Anda di halaman 1dari 2

Kenalin George Brown, Si Anak London

George Brown telah resmi dikontrak Persebaya. Kemarin, ia diperkenalkan secara resmi dihadapan
ratusan siswa Smekdors Surabaya. Bertepatan dengan kegiatan road show yang digelar Persebaya ke
sekolah-sekolah di Surabaya. “Senang sekali bisa bergabung dengan klub sebesar Persebaya. Miliki basis
suporter yang besar dan pelatih hebat,”tukas Brown.

Brown lahir di London, 23 tahun lalu. Ia lahir dari pasangan ibu Indonesia, tepatnya Lahat Sumatera dan
ayah yang berasal dari Bristol Inggris. Tumbuh di negara yang mengklaim sepak bola dilahirkan,
membuat jiwa bolanya terbentuk sejak kecil. Bersama sang adik, Jack Brown, ia sudah terbiasa keluar
masuk stadion, menyaksikan bintang-bintang sepak bola Inggris berlaga.

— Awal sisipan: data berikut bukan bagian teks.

(* Let $E$ be an irreducible IL FS encoder with $s$ states. Then for every positive integer $\ell$ there exists a state $z\in\mathcal{Z}$ such that $$\sum_{x^\ell\in\mathcal{X}^\ell}2^{-L[f(z,x^\ell)]}\le 1.$$
   Context: A finite-state (FS) encoder is a quintuple $E=(\mathcal{X},\mathcal{Y},\mathcal{Z},f,g)$, where $\mathcal{X}$ is a finite source alphabet of size $\alpha$, $\mathcal{Y}$ is a finite set of binary strings (possibly containing the empty string, of length $0$), $\mathcal{Z}$ is a finite set of $s$ states, $f:\mathcal{Z}\times\mathcal{X}\to\mathcal{Y}$ is the output function and $g:\mathcal{Z}\times\mathcal{X}\to\mathcal{Z}$ is the next-state function. For $z\in\mathcal{Z}$ and $x^n=(x_1,\dots,x_n)\in\mathcal{X}^n$, set $z_1=z$, $z_{i+1}=g(z_i,x_i)$; write $g(z,x^n)=z_{n+1}$ and let $f(z,x^n)$ denote the binary string obtained by concatenating $f(z_1,x_1),\dots,f(z_n,x_n)$; its length is $L[f(z,x^n)]=\sum_{i=1}^n L[f(z_i,x_i)]$, where $L(\cdot)$ denotes the length of a binary string. The encoder is information lossless (IL) if for every $z\in\mathcal{Z}$ and every $n\ge1$, the map $x^n\mapsto (f(z,x^n),g(z,x^n))$ is injective on $\mathcal{X}^n$. The Kraft matrix of $E$ is the $s\times s$ nonnegative matrix $K$ with entries $K_{zz'}=\sum_{\{x\in\mathcal{X}:\ g(z,x)=z'\}}2^{-L[f(z,x)]}$. The encoder is called irreducible if $K$ is an irreducible matrix, equivalently, if for every $z,z'\in\mathcal{Z}$ there exist $n\ge 1$ and $x^n$ with $g(z,x^n)=z'$. *)

From HB Require Import structures.
From mathcomp Require Import all_boot all_order all_algebra.
Set Implicit Arguments. Unset Strict Implicit. Unset Printing Implicit Defensive.
Import Order.TTheory GRing.Theory Num.Theory.

(* A finite-state encoder E = (X, Y, Z, f, g): X is the finite source
   alphabet, Z the finite state set, outputs are binary strings (seq bool;
   the output set Y is the finite image of f), f the output function and
   g the next-state function. *)

Section FSEncoder.
Variables (X Z : finType) (f : Z -> X -> seq bool) (g : Z -> X -> Z).

Fixpoint fout (z : Z) (xs : seq X) : seq bool :=
  match xs with
  | [::] => [::]
  | x :: xs' => f z x ++ fout (g z x) xs'
  end.

Fixpoint gnext (z : Z) (xs : seq X) : Z :=
  match xs with
  | [::] => z
  | x :: xs' => gnext (g z x) xs'
  end.

Definition IL_encoder : Prop :=
  forall (z : Z) (n : nat), (0 < n)%N ->
    injective (fun w : n.-tuple X => (fout z w, gnext z w)).

Definition irreducible_encoder : Prop :=
  forall z z' : Z, exists (n : nat) (w : n.-tuple X),
    (0 < n)%N /\ gnext z w = z'.

End FSEncoder.

(* McMillan's argument applied to the Kraft sums [S_n(z) = \sum_{x^n} 2^{-L[f(z,x^n)]}].
   Information losslessness bounds [S_n(z)] polynomially: the words with a given
   output length k and final state number at most 2^k, and k <= n M where M is
   the longest single output.  Conversely [S_n(z) 2^{nM}] is an integer, so if
   every [S_l(z)] exceeded 1 it would be at least [1 + 2^{-lM}], and since
   [S_{a+b}(z) = \sum_{x^a} 2^{-L[f(z,x^a)]} S_b(g(z,x^a))] the sums [S_{ml}]
   would grow exponentially in m. *)
From HB Require Import structures.
From mathcomp Require Import all_boot all_order all_algebra.
From mathcomp Require Import zify lra.
Set Implicit Arguments. Unset Strict Implicit. Unset Printing Implicit Defensive.
Import Order.TTheory GRing.Theory Num.Theory.
Local Open Scope ring_scope.

Lemma big_tuple_cons {R : Type} {idx : R} {op : Monoid.com_law idx}
    {T : finType} n (F : seq T -> R) :
  \big[op/idx]_(w : n.+1.-tuple T) F w =
  \big[op/idx]_(x : T) \big[op/idx]_(w : n.-tuple T) F (x :: w).
Proof.
rewrite pair_bigA /=.
rewrite (reindex (fun p : T * n.-tuple T => [tuple of p.1 :: p.2])) //=.
exists (fun w : n.+1.-tuple T => (thead w, [tuple of behead w])).
  by case=> x w _ /=; rewrite theadE; congr pair; apply: val_inj.
by move=> w _; rewrite [RHS]tuple_eta.
Qed.

Lemma big_tuple0 {R : Type} {idx : R} {op : Monoid.com_law idx}
    {T : finType} (F : seq T -> R) :
  \big[op/idx]_(w : 0.-tuple T) F w = F [::].
Proof.
by rewrite (big_pred1 [tuple]) // => w; apply/esym/eqP; exact: tuple0.
Qed.

Lemma bernoulli_ineq (R : realDomainType) (x : R) n :
  0 <= x -> 1 + x *+ n <= (1 + x) ^+ n.
Proof.
move=> x_ge0; elim: n => [|n IHn]; first by rewrite mulr0n addr0 expr0.
have xn_ge0 : 0 <= x *+ n by rewrite mulrn_wge0.
have := ler_wpM2r (addr_ge0 ler01 x_ge0) IHn.
rewrite exprS mulrC mulrS; nra.
Qed.

Lemma exists_linear_lt_exp2 a b : exists k, (a * k + b < 2 ^ k)%N.
Proof.
set n := (a.*2 + b).+1; exists (n + n).
have := ltn_expl n (ltnSn 1); rewrite expnD /n; nia.
Qed.

Section KraftSums.
Variables (R : realFieldType) (X Z : finType).
Variables (f : Z -> X -> seq bool) (g : Z -> X -> Z).

Local Notation fout := (fout f g).
Local Notation gnext := (gnext g).
Local Notation weight z := (fun s : seq X => 2%:R ^- size (fout z s) : R).

Definition kraft_sum n z : R :=
  \sum_(w : n.-tuple X) 2%:R ^- size (fout z w).

Lemma kraft_sum0 z : kraft_sum 0 z = 1.
Proof. by rewrite /kraft_sum (big_tuple0 (weight z)) /= expr0 invr1. Qed.

Lemma kraft_sumD a b z :
  kraft_sum (a + b) z =
  \sum_(w : a.-tuple X) 2%:R ^- size (fout z w) * kraft_sum b (gnext z w).
Proof.
elim: a z => [|a IHa] z.
  rewrite add0n (big_tuple0 (fun s => weight z s * kraft_sum b (gnext z s))).
  by rewrite /= expr0 invr1 mul1r.
rewrite addSn /kraft_sum (big_tuple_cons _ (weight z)).
rewrite (big_tuple_cons _ (fun s => weight z s * kraft_sum b (gnext z s))).
apply: eq_bigr => x _ /=.
under eq_bigr => w _ do rewrite size_cat exprD invfM.
rewrite -mulr_sumr -/(kraft_sum _ _) IHa mulr_sumr; apply: eq_bigr => w _ /=.
by rewrite size_cat exprD invfM mulrA.
Qed.

Definition max_output := (\max_(p : Z * X) size (f p.1 p.2))%N.

Lemma size_fout_le z (w : seq X) : (size (fout z w) <= size w * max_output)%N.
Proof.
elim: w z => [|x w IHw] z //=.
by rewrite size_cat mulSn leq_add ?(leq_bigmax (z, x)).
Qed.

Lemma kraft_sum_scaled_nat n z :
  exists N : nat, kraft_sum n z * (2 ^ (n * max_output))%:R = N%:R.
Proof.
exists (\sum_(w : n.-tuple X) 2 ^ (n * max_output - size (fout z w)))%N.
rewrite /kraft_sum mulr_suml natr_sum; apply: eq_bigr => w _.
have := size_fout_le z w; rewrite size_tuple => /subnK {1}<-.
by rewrite expnD natrM !natrX mulrCA mulVf ?mulr1 // expf_neq0 ?pnatr_eq0.
Qed.

Lemma kraft_sum_gt1 n z :
  1 < kraft_sum n z -> 1 + (2 ^ (n * max_output))%:R^-1 <= kraft_sum n z.
Proof.
have [N scaledE] := kraft_sum_scaled_nat n z.
have q_gt0 : 0 < (2 ^ (n * max_output))%:R :> R by rewrite ltr0n expn_gt0.
have -> : kraft_sum n z = N%:R / (2 ^ (n * max_output))%:R.
  by rewrite -scaledE mulfK ?gt_eqF.
rewrite ltr_pdivlMr // mul1r ltr_nat => lt_qN.
by rewrite ler_pdivlMr // mulrDl mul1r mulVf ?gt_eqF // natr1 ler_nat.
Qed.

Lemma kraft_sum_mul_ge l c :
  (forall z, c <= kraft_sum l z) -> 0 <= c ->
  forall m z, c ^+ m <= kraft_sum (m * l) z.
Proof.
move=> c_le c_ge0; elim=> [|m IHm] z; first by rewrite mul0n kraft_sum0 expr0.
rewrite mulSn kraft_sumD exprS.
apply: (le_trans (ler_wpM2r (exprn_ge0 _ c_ge0) (c_le z))).
rewrite [kraft_sum l z]/kraft_sum mulr_suml; apply: ler_sum => w _.
by rewrite ler_wpM2l ?invr_ge0 ?exprn_ge0 ?ler0n ?IHm.
Qed.

(* With [q = 2^{lM}], Bernoulli gives [(1 + 1/q)^q >= 2], so [q k] blocks of
   length l multiply the Kraft sum by at least [2^k]. *)
Lemma kraft_sum_gt1_exp_growth l :
  (forall z, 1 < kraft_sum l z) ->
  forall k z, (2 ^ k)%:R <= kraft_sum (2 ^ (l * max_output) * k * l) z.
Proof.
move=> all_gt1 k z; set q := (2 ^ (l * max_output))%N.
have c_le z' : 1 + q%:R^-1 <= kraft_sum l z' by exact: kraft_sum_gt1.
have c_ge0 : 0 <= 1 + q%:R^-1 :> R by rewrite addr_ge0 ?invr_ge0.
have two_le : 2%:R <= (1 + q%:R^-1 : R) ^+ q.
  apply: le_trans (bernoulli_ineq _ _); last by rewrite invr_ge0.
  by rewrite -[_ *+ q]mulr_natr mulVf -?mulr2n // pnatr_eq0 expn_eq0.
apply: le_trans (kraft_sum_mul_ge c_le c_ge0 (q * k) z).
by rewrite natrX exprM lerXn2r ?nnegrE ?ler0n ?exprn_ge0.
Qed.

Hypothesis IL : IL_encoder f g.

Lemma card_fout_fiber n z k z' : (0 < n)%N ->
  (#|[pred w : n.-tuple X | (size (fout z w) == k) && (gnext z w == z')]|
    <= 2 ^ k)%N.
Proof.
move=> n_gt0.
rewrite -[in X in (_ <= X)%N](card_bool) -card_tuple.
apply: (@leq_card_in _ _
  (fun w : n.-tuple X => insubd (nseq_tuple k false) (fout z w))).
move=> w1 w2; rewrite !inE => /andP[/eqP size1 /eqP end1] /andP[/eqP size2 /eqP end2].
move=> /(congr1 val); rewrite !val_insubd size1 size2 eqxx => fout_eq.
by apply: (IL (z := z) n_gt0); rewrite /= fout_eq end1 end2.
Qed.

Lemma kraft_sum_le n z : (0 < n)%N ->
  kraft_sum n z <= (#|Z| * (n * max_output).+1)%:R.
Proof.
move=> n_gt0.
rewrite /kraft_sum (partition_big (fun w : n.-tuple X =>
   (inord (size (fout z w)) : 'I_(n * max_output).+1, gnext z w)) xpredT) //.
apply: le_trans (_ : \sum_(p : 'I_(n * max_output).+1 * Z) (1 : R) <= _);
  last by rewrite sumr_const card_prod card_ord mulnC.
apply: ler_sum => -[k z'] _.
have fiberE (w : n.-tuple X) :
    ((inord (size (fout z w)) : 'I_(n * max_output).+1, gnext z w) == (k, z')) =
    (size (fout z w) == k) && (gnext z w == z').
  rewrite xpair_eqE -val_eqE /= inordK //.
  by have := size_fout_le z w; rewrite size_tuple ltnS.
rewrite (eq_bigl _ _ fiberE) (eq_bigr (fun _ => 2%:R ^- k)); last first.
  by move=> w /andP[/eqP -> _].
rewrite sumr_const -[X in X <= _]mulr_natr.
apply: (@le_trans _ _ (2%:R ^- k * (2 ^ k)%:R)).
  by rewrite ler_wpM2l ?invr_ge0 ?exprn_ge0 ?ler0n ?ler_nat ?card_fout_fiber.
by rewrite natrX mulVf ?expf_neq0 ?pnatr_eq0.
Qed.

End KraftSums.

Theorem mainTheorem4 (R : realFieldType) (X Z : finType)
    (f : Z -> X -> seq bool) (g : Z -> X -> Z) :
  (0 < #|Z|)%N ->
  IL_encoder f g ->
  irreducible_encoder g ->
  forall l : nat, (0 < l)%N ->
  exists z : Z,
    \sum_(w : l.-tuple X) ((2%:R : R) ^- size (fout f g z w)) <= 1.
Proof.
move=> Z_gt0 IL _ l l_gt0; have /card_gt0P[z0 _] := Z_gt0.
have [/existsP[z le1] | /existsPn not_le1] :=
  boolP [exists z, kraft_sum R f g l z <= 1]; first by exists z.
have all_gt1 z : 1 < kraft_sum R f g l z by rewrite ltNge not_le1.
set q := (2 ^ (l * max_output f))%N.
have [k lt_exp] := exists_linear_lt_exp2 (#|Z| * (q * l * max_output f)) #|Z|.
have qkl_gt0 : (0 < q * k * l)%N.
  rewrite !muln_gt0 /q expn_gt0 l_gt0 andbT /= lt0n.
  by apply: contraTneq lt_exp => ->; rewrite muln0 -leqNgt.
have := le_trans (kraft_sum_gt1_exp_growth all_gt1 k z0)
                 (kraft_sum_le R IL z0 qkl_gt0).
by rewrite ler_nat leqNgt => /negP[]; move: lt_exp; nia.
Qed.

Uniknya, kendati mengidolakan Steven Gerrard, tapi Brown bukan seorabg Liverpudlian. Ia malah
menasbihkan diri sebagai The Gunners. Soal ini, Brown mengaku terbawa lingkungan. Ia tumbuh di
kawasan London Timur, tepatnya di Stratford. Dulu, daerah ini termasuk yang tertinggal dibanding
kawasan London lainnya. Untuk mengejar ketertinggalan itu, Pemerintah Inggris akhirnya membangun
kompleks olahraga untuk menyambut Olimpiade London 2012. “Sekarang sudah sama majunya dengan
daerah lain di London,”kisahnya.

Menariknya, meski berstatus pendukung Arsenal, Brown justru tak miliki idola di tim ini. Ia justru
kesengsem dengan bek kanan Chelsea yang juga anggota skuad Timnas Inggris, Reece James. “Saya
lebih tertarik kemampuan individu sang pemain. Bukan klubnya. Dulu kecil mengidolakan Gerrard.
Sekarang (James) Reece,”tukasnya.

Sempat bergabung di Arsenal Development, namun Brown harus menghadapi kenyataan pahit gagal
menembus skuad utama Stratford FC yang berkiprah di Liga 3 Inggris. Ini membuat dirinya memutuskan
hijrah ke Amerika Serikat. Bergabung dengan klub Ashland University. Ia masuk ke universitas yang
berada di Ohio ini lewat jalur bea siswa sepak bola. Kebetulan pelatih sepak bola universitas tersebut
berasal dari Inggris. Memberikan penawaran bergabung lewat jalur mahasiswa.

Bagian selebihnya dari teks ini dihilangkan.